In comparison to cabernet sauvignon, “I would say Merlot is softer; it has a very pretty fruit profile that can be a bit more floral than cabernet,” Lutes says. Yet, it has every bit the plum, dark fruit, cassis, black currant, and blackberry-oriented notes, he adds.
“It’s got a similar fruit profile as cabernet, but it lacks all that (heavy) tannin, and usually where it’s made and made well, it’s not going to be as alcoholic — it’s not going to be as heavy as cabernet,” he explains.
Lutes argues that one of the main problems with public perception of merlot — besides the scorn from a film character — is that it’s often overwrought, overripe, over-alcoholic and over-oaked in warm weather growing climates.
“California merlots that are overripe fruit bombs and overly sweet have ruined the public’s perception of merlot as a varietal,” Maurer agrees.
For consumers seeking quality merlot, Lutes warns that it’s not the kind of bottle one can snag off the clearance rack.

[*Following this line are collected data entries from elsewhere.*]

Lemma represents_join i j : i < n -> j < n ->
  table_join S P i j < n /\ elem (table_join S P i j) = mv_join A (elem i) (elem j).
Proof.
  intros Hi Hj. destruct rep as [HS HP]. unfold table_join, mv_join.
  destruct (HS j Hj) as [HSj ESj].
  destruct (represents_odot i _ Hi HSj) as [H1 E1]. destruct (HP _ _ H1 Hj) as [H2 E2].
  split; [exact H2|]. rewrite E2, E1, ESj. reflexivity.
Qed.

Definition table_map (t : list nat) (x : A) : A := elem (nth (index x) t 0).

Definition table_of (f : A -> A) : list nat := map (fun i => index (f (elem i))) (seq 0 n).

Local Notation is_table t := (In t (tuples (seq 0 n) n)).

Lemma table_entry_lt t i : is_table t -> i < n -> nth i t 0 < n.
Proof.
  intros Ht Hi. apply in_tuples in Ht as [Hlen Hin].
  apply in_seq with (start := 0), Hin, nth_In. lia.
Qed.

Lemma table_map_elem t i : i < n -> table_map t (elem i) = elem (nth i t 0).
Proof. intros Hi. unfold table_map. rewrite index_elem by exact Hi. reflexivity. Qed.

Lemma table_of_is_table f : is_table (table_of f).
Proof.
  apply in_tuples. unfold table_of. split; [now rewrite length_map, length_seq|].
  intros x Hx. apply in_map_iff in Hx as [i [<- _]]. apply in_seq. pose proof (index_lt (f (elem i))). lia.
Qed.

Lemma table_map_of f : table_map (table_of f) = f.
Proof.
  apply functional_extensionality. intros x. unfold table_map, table_of.
  rewrite nth_map_seq by apply index_lt. rewrite !elem_index. reflexivity.
Qed.

Lemma table_map_inj t t' : is_table t -> is_table t' -> table_map t = table_map t' -> t = t'.
Proof.
  intros Ht Ht' E.
  pose proof Ht as [Hlen _]%in_tuples. pose proof Ht' as [Hlen' _]%in_tuples.
  apply nth_ext with (d := 0) (d' := 0); [congruence|]. intros i Hi. rewrite Hlen in Hi.
  apply elem_inj; [apply table_entry_lt; assumption .. |].
  rewrite <- !table_map_elem by exact Hi. rewrite E. reflexivity.
Qed.

Lemma is_der_table_spec t : is_table t ->
  is_der_table n S P t = true <-> is_derivation A (table_map t).
Proof.
  intros Ht.
  assert (Hjoin : forall i j, i < n -> j < n ->
    elem (table_join S P (table_odot S P (nth i t 0) j) (table_odot S P i (nth j t 0))) =
    mv_join A (table_map t (elem i) ⊙ elem j) (elem i ⊙ table_map t (elem j))).
  { intros i j Hi Hj. rewrite !table_map_elem by assumption.
    pose proof (table_entry_lt t i Ht Hi) as Hti. pose proof (table_entry_lt t j Ht Hj) as Htj.
    destruct (represents_odot _ _ Hti Hj) as [H1 E1]. destruct (represents_odot _ _ Hi Htj) as [H2 E2].
    destruct (represents_join _ _ H1 H2) as [_ E3]. rewrite E3, E1, E2. reflexivity. }
  assert (Hlhs : forall i j, i < n -> j < n ->
    elem (nth (table_odot S P i j) t 0) = table_map t (elem i ⊙ elem j)).
  { intros i j Hi Hj. destruct (represents_odot _ _ Hi Hj) as [H1 E1].
    rewrite <- E1, table_map_elem by exact H1. reflexivity. }
  unfold is_der_table. rewrite all_below_spec. split.
  - intros Hder x y. rewrite <- (elem_index x), <- (elem_index y).
    pose proof (index_lt x) as Hx. pose proof (index_lt y) as Hy.
    specialize (Hder _ Hx). rewrite all_below_spec in Hder. specialize (Hder _ Hy).
    apply Nat.eqb_eq in Hder. rewrite <- Hlhs, <- Hjoin, Hder by assumption. reflexivity.
  - intros Hder i Hi. apply all_below_spec. intros j Hj. apply Nat.eqb_eq.
    destruct (represents_odot _ _ Hi Hj) as [H1 _].
    apply elem_inj.
    + apply table_entry_lt; assumption.
    + apply represents_join; apply represents_odot; try apply table_entry_lt; assumption.
    + rewrite Hlhs, Hjoin by assumption. apply Hder.
Qed.

Lemma represents_der_card : has_card (A -> A) (is_derivation A) (length (der_tables n S P)).
Proof.
  replace (length (der_tables n S P)) with (length (map table_map (der_tables n S P)))
    by apply length_map.
  apply (list_has_card _ _ (fun x => x)).
  - apply NoDup_map_NoDup_ForallPairs.
    + intros t t' Ht Ht'. apply filter_In in Ht as [Ht _], Ht' as [Ht' _].
      apply table_map_inj; assumption.
    + apply NoDup_filter, NoDup_tuples, seq_NoDup.
  - intros f. rewrite in_map_iff. split.
    + intros Hf. exists (table_of f). split; [apply table_map_of|].
      apply filter_In. split; [apply table_of_is_table|].
      apply is_der_table_spec; [apply table_of_is_table|]. rewrite table_map_of. exact Hf.
    + intros [t [<- Ht]]. apply filter_In in Ht as [Ht Hder].
      apply is_der_table_spec; assumption.
Qed.

End Represented.

Definition code_of : code :=
  (map (fun a => index (st (elem (2 + a)))) (seq 0 (n - 2)),
   map (fun a => map (fun b => index (elem (2 + a) ⊕ elem (2 + b))) (seq 0 (n - 2)))
       (seq 0 (n - 2))).

Lemma code_of_represents : represents (code_star code_of) (code_plus code_of).
Proof.
  assert (H1 : 1 < n) by (rewrite <- enum_length; simpl; lia).
  split.
  - intros [|[|a]] Hi; simpl.
    + split; [exact H1 | reflexivity].
    + split; [lia | symmetry; apply star_one].
    + rewrite nth_map_seq by lia. split; [apply index_lt | apply elem_index].
  - intros [|[|a]] j Hi Hj.
    + split; [exact Hj | symmetry; apply oplus_zero_l].
    + destruct j as [|[|b]]; (split; [exact H1|]); simpl;
        [symmetry; apply mv_zero_r | symmetry; apply oplus_one_l ..].
    + destruct j as [|[|b]]; simpl.
      * split; [exact Hi | symmetry; apply mv_zero_r].
      * split; [exact H1 | symmetry; apply oplus_one_r].
      * rewrite !nth_map_seq by lia. split; [apply index_lt | apply elem_index].
Qed.

Lemma code_of_in_codes : In code_of (codes n).
Proof.
  assert (Hentry : forall x, In (index x) (seq 0 n)) by (intros x; apply in_seq; pose proof (index_lt x); lia).
  apply in_prod; apply in_tuples; (split; [now rewrite length_map, length_seq|]);
    intros x Hx; apply in_map_iff in Hx as [a [<- _]].
  - apply Hentry.
  - apply in_tuples. split; [now rewrite length_map, length_seq|].
    intros x Hx. apply in_map_iff in Hx as [b [<- _]]. apply Hentry.
Qed.

End Reflection.

Lemma enumeration_from_card (A : MVAlgebra) n :
  mv_zero A <> mv_one A -> has_card A (fun _ => True) n ->
  exists rest, length (mv_zero A :: mv_one A :: rest) = n /\
    NoDup (mv_zero A :: mv_one A :: rest) /\ forall x, In x (mv_zero A :: mv_one A :: rest).
Proof.
  intros Hnt HA. destruct (has_card_list _ _ HA) as [l [Hlen [Hnd Hl]]].
  destruct (in_split (mv_zero A) l) as [l1 [l2 ->]]; [apply Hl; exact I|].
  assert (Hperm0 : Permutation (l1 ++ mv_zero A :: l2) (mv_zero A :: l1 ++ l2))
    by (symmetry; apply Permutation_middle).
  assert (Hone : In (mv_one A) (l1 ++ l2)).
  { destruct (Permutation_in _ Hperm0 (proj1 (Hl (mv_one A)) I)) as [E | H]; [congruence | exact H]. }
  destruct (in_split _ _ Hone) as [l3 [l4 E]]. rewrite E in Hperm0.
  assert (Hperm : Permutation (l1 ++ mv_zero A :: l2) (mv_zero A :: mv_one A :: l3 ++ l4)).
  { eapply perm_trans; [exact Hperm0|]. constructor. symmetry; apply Permutation_middle. }
  exists (l3 ++ l4). repeat split.
  - rewrite <- Hlen. symmetry; apply Permutation_length, Hperm.
  - exact (Permutation_NoDup Hperm Hnd).
  - intros x. apply (Permutation_in _ Hperm), Hl. exact I.
Qed.

Lemma der_card_of_size (A : MVAlgebra) n m :
  mv_zero A <> mv_one A -> counts_derivations n m = true ->
  has_card A (fun _ => True) n -> has_card (A -> A) (is_derivation A) m.
Proof.
  intros Hnt Hcount HA.
  destruct (enumeration_from_card A n Hnt HA) as [rest [Hlen [Hnd Hfull]]].
  pose proof (code_of_represents A rest n Hlen Hfull) as Hrep.
  unfold counts_derivations in Hcount. rewrite forallb_forall in Hcount.
  specialize (Hcount _ (code_of_in_codes A rest n Hlen Hfull)).
  rewrite (represents_mv_table A rest n Hlen Hnd _ _ Hrep), Nat.eqb_eq in Hcount.
  rewrite <- Hcount. exact (represents_der_card A rest n Hlen Hnd Hfull _ _ Hrep).
Qed.

(* Backward direction: fewer than ten derivations forces at most four
   elements, and then the counts 2, 5, 9 identify the size. *)
Lemma size_of_der_card (A : MVAlgebra) m :
  mv_zero A <> mv_one A -> has_card (A -> A) (is_derivation A) m -> m < 10 ->
  (m = 2 /\ has_card A (fun _ => True) 2) \/ (m = 5 /\ has_card A (fun _ => True) 3) \/
  (m = 9 /\ has_card A (fun _ => True) 4).
Proof.
  intros Hnt Hm Hm10.
  assert (H01 : NoDup [mv_zero A; mv_one A]) by (repeat constructor; simpl; intuition).
  destruct (small_or_extend (mv_zero A) _ 3 H01) as [[j [Hj HA]] | [r [Hr Hnd]]].
  - assert (Hj2 : 2 <= j).
    { apply (has_card_ge _ _ _ HA H01). intros; exact I. }
    assert (Hsize : j = 2 \/ j = 3 \/ j = 4) by (simpl in Hj; lia).
    destruct Hsize as [-> | [-> | ->]]; [left | right; left | right; right]; split; try exact HA;
      eapply has_card_unique; try exact Hm; eapply der_card_of_size;
      eauto using counts_2, counts_3, counts_4.
  - exfalso. destruct r as [|c [|d [|e [|]]]]; try discriminate.
    apply (Permutation_NoDup (Permutation_app_comm _ _)) in Hnd.
    pose proof (derivations_lower_bound A c d [e] m Hnd Hm). simpl in *. lia.
Qed.

Theorem proposition3p16 (A : MVAlgebra) (Hnontriv : mv_zero A <> mv_one A) :
  (has_card (A -> A) (is_derivation A) 2 <-> has_card A (fun _ => True) 2) /\
  (has_card (A -> A) (is_derivation A) 5 <-> has_card A (fun _ => True) 3) /\
  (has_card (A -> A) (is_derivation A) 9 <-> has_card A (fun _ => True) 4).
Proof.
  pose proof (der_card_of_size A 2 2 Hnontriv counts_2) as Hsize2.
  pose proof (der_card_of_size A 3 5 Hnontriv counts_3) as Hsize3.
  pose proof (der_card_of_size A 4 9 Hnontriv counts_4) as Hsize4.
  repeat split; try assumption; intros Hder;
    destruct (size_of_der_card A _ Hnontriv Hder ltac:(lia)) as [[E HA] | [[E HA] | [E HA]]];
    first [exact HA | discriminate E].
Qed.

“There’s been so much bad merlot made that for the general consumer that’s just getting into wine that’s looking to spend $10 or so on a bottle, they’re not going to get a good merlot for that,” he says. “You’re probably better off getting a red table wine or red blend for a $10 price point. I think you have to step up to the $15-$20 range to get a good (Merlot).
“I think part of the reason that it’s important to spend a little bit more money on it is, merlot is one of those varieties that anyone can make mediocre,” he adds. “It takes a winemaker with a bit of passion and a bit of real interest in the variety to make a good one. You don’t want to just be buying industrial merlot.”

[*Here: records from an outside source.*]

Lemma far_count_negligible (rstar : nat -> nat)
  (hmax : forall n r : nat, (q n r <= q n (rstar n))%nat) (eps : R) : 0 < eps ->
  exists N : nat, forall n : nat, (N <= n)%nat ->
    INR (far_count n (rstar n) (sqrt (INR n * ln (INR n)))) <= eps * INR (q n (rstar n)).
Proof.
move=> eps_gt0; have [N1 HN1] := far_count_le_gaussian hmax.
have C_gt0 : 0 < 4 * exp 1 / eps by apply: Rdiv_lt_0_compat; [have := exp_pos 1 |]; lra.
have [N2 HN2] := INR_unbounded (4 * exp 1 / eps + 1).
exists (maxn N1 N2) => n; rewrite geq_max => /andP[le_N1n le_N2n].
have n_large := INR_leq le_N2n.
apply: Rle_trans (HN1 n le_N1n) _; apply: Rmult_le_compat_r; first exact: pos_INR.
set nn := INR n in n_large *; have nn_gt0 : 0 < nn by lra.
have decay : exp (- (5 * sqrt 5 / 2) * ln nn) <= / (nn * nn).
  rewrite -[/ (nn * nn)]exp_ln; last by apply: Rinv_0_lt_compat; nra.
  rewrite ln_Rinv ?ln_mult //; last by nra.
  apply: exp_le_exp; have := sqrt5_bounds; have : 0 <= ln nn by apply: ln_ge0; lra.
  by rewrite /sqrt5; nra.
have : 4 * exp 1 * nn * / (nn * nn) <= eps.
  rewrite (_ : 4 * exp 1 * nn * / (nn * nn) = 4 * exp 1 / eps * eps / nn); last by field; lra.
  by apply: div_le_of_le_mul => //; nra.
have : 0 <= 4 * exp 1 * nn by have := exp_pos 1; nra.
by move=> *; apply: Rle_trans (Rmult_le_compat_l _ _ _ _ decay) _.
Qed.

Local Close Scope R_scope.

Theorem mainTheorem7 (rstar : nat -> nat)
  (hmax : forall n r : nat, (q n r <= q n (rstar n))%N) :
  (* (i) *)
  (forall eps : R, (0 < eps)%R ->
     exists N : nat, forall (n : nat) (r : BinNums.Z), (N <= n)%N ->
       forall c : R,
         (IZR r = INR (rstar n) + c * sqrt (INR n))%R ->
         (- sqrt (ln (INR n)) <= c <= sqrt (ln (INR n)))%R ->
         exists e : R, (Rabs e <= eps)%R /\
           INR (qZ n r) =
             (exp (- (5 * sqrt 5 * c ^ 2) / 2 + e) * INR (q n (rstar n)))%R)
  /\
  (* (ii) *)
  (exists C : R, exists N : nat, forall n : nat, (N <= n)%N ->
     (INR (far_count n (rstar n) (sqrt (INR n * ln (INR n))))
        <= C * INR n * exp (- (5 * sqrt 5 / 2) * ln (INR n))
             * INR (q n (rstar n)))%R)
  /\
  (forall eps : R, (0 < eps)%R ->
     exists N : nat, forall n : nat, (N <= n)%N ->
       (INR (far_count n (rstar n) (sqrt (INR n * ln (INR n))))
          <= eps * INR (q n (rstar n)))%R).
Proof.
split; first exact: q_near_max_gaussian hmax.
split; last exact: far_count_negligible hmax.
by exists (4 * exp 1)%R; apply: far_count_le_gaussian hmax.
Qed.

Luckily for Michigan wine lovers, most merlot made from in-state grapes are produced relatively small batch, avoiding many of the pitfalls noted by Lutes.
The Whys and Why Nots
Merlot is on the rise in Michigan: According to data from the Michigan Grape and Wine Industry Council, the number of acres planted have more than doubled over the last decade, from 60 acres in 2006 to 125 in 2016.
But its presence still pales in comparison to Michigan’s darling grape, riesling, at 675 acres in 2016, and to Miles Raymond’s favored grape, Pinot Noir, at 260 acres in 2016.
Kip Barber, owner, grower, and winemaker at Lone Oak Vineyard Estate in Grass Lake, has been growing merlot for 20 years. He decided to plant it originally after tasting other merlots grown on the same latitude in Michigan and Ontario, and kept planting it because of “the wonderful flavor profile.”
“I like the black cherry flavors, the wonderful tannins, the deep color, and the ease of ripening in our region,” he says.
Joe Herman, owner/winemaker at Karma Vista Winery in Coloma, says he planted merlot for a simple reason: “because we like to drink merlot.”
“We get these marvelous black cherry notes and soft tannins,” says Herman, who typically offers two different merlot bottlings: one with little to no oak, focusing on the berry, and a reserve version that’s “all about the interplay of oak and fruit.”
For Hamelin, the driving factors behind him first planting merlot 11 years ago were numerous. It doesn’t require as much heat and sunshine as zinfandel or cabernet sauvignon to ripen, it had a 20-year history of performing well in the area, and high-quality wines made with it in France have a major appeal, Hamelin says.
Also, “the clusters are loose and open, which reduces the chance of mildew forming and ruining the fruit,” he explains. “We get dew at night here in the Midwest almost every night from mid-August to November, so big, loose, open clusters are wonderful.”
Hamelin reports consistent success with the grape: “In most every year, we can get the fruit ripe enough to make good, consistent, delicious red wines.”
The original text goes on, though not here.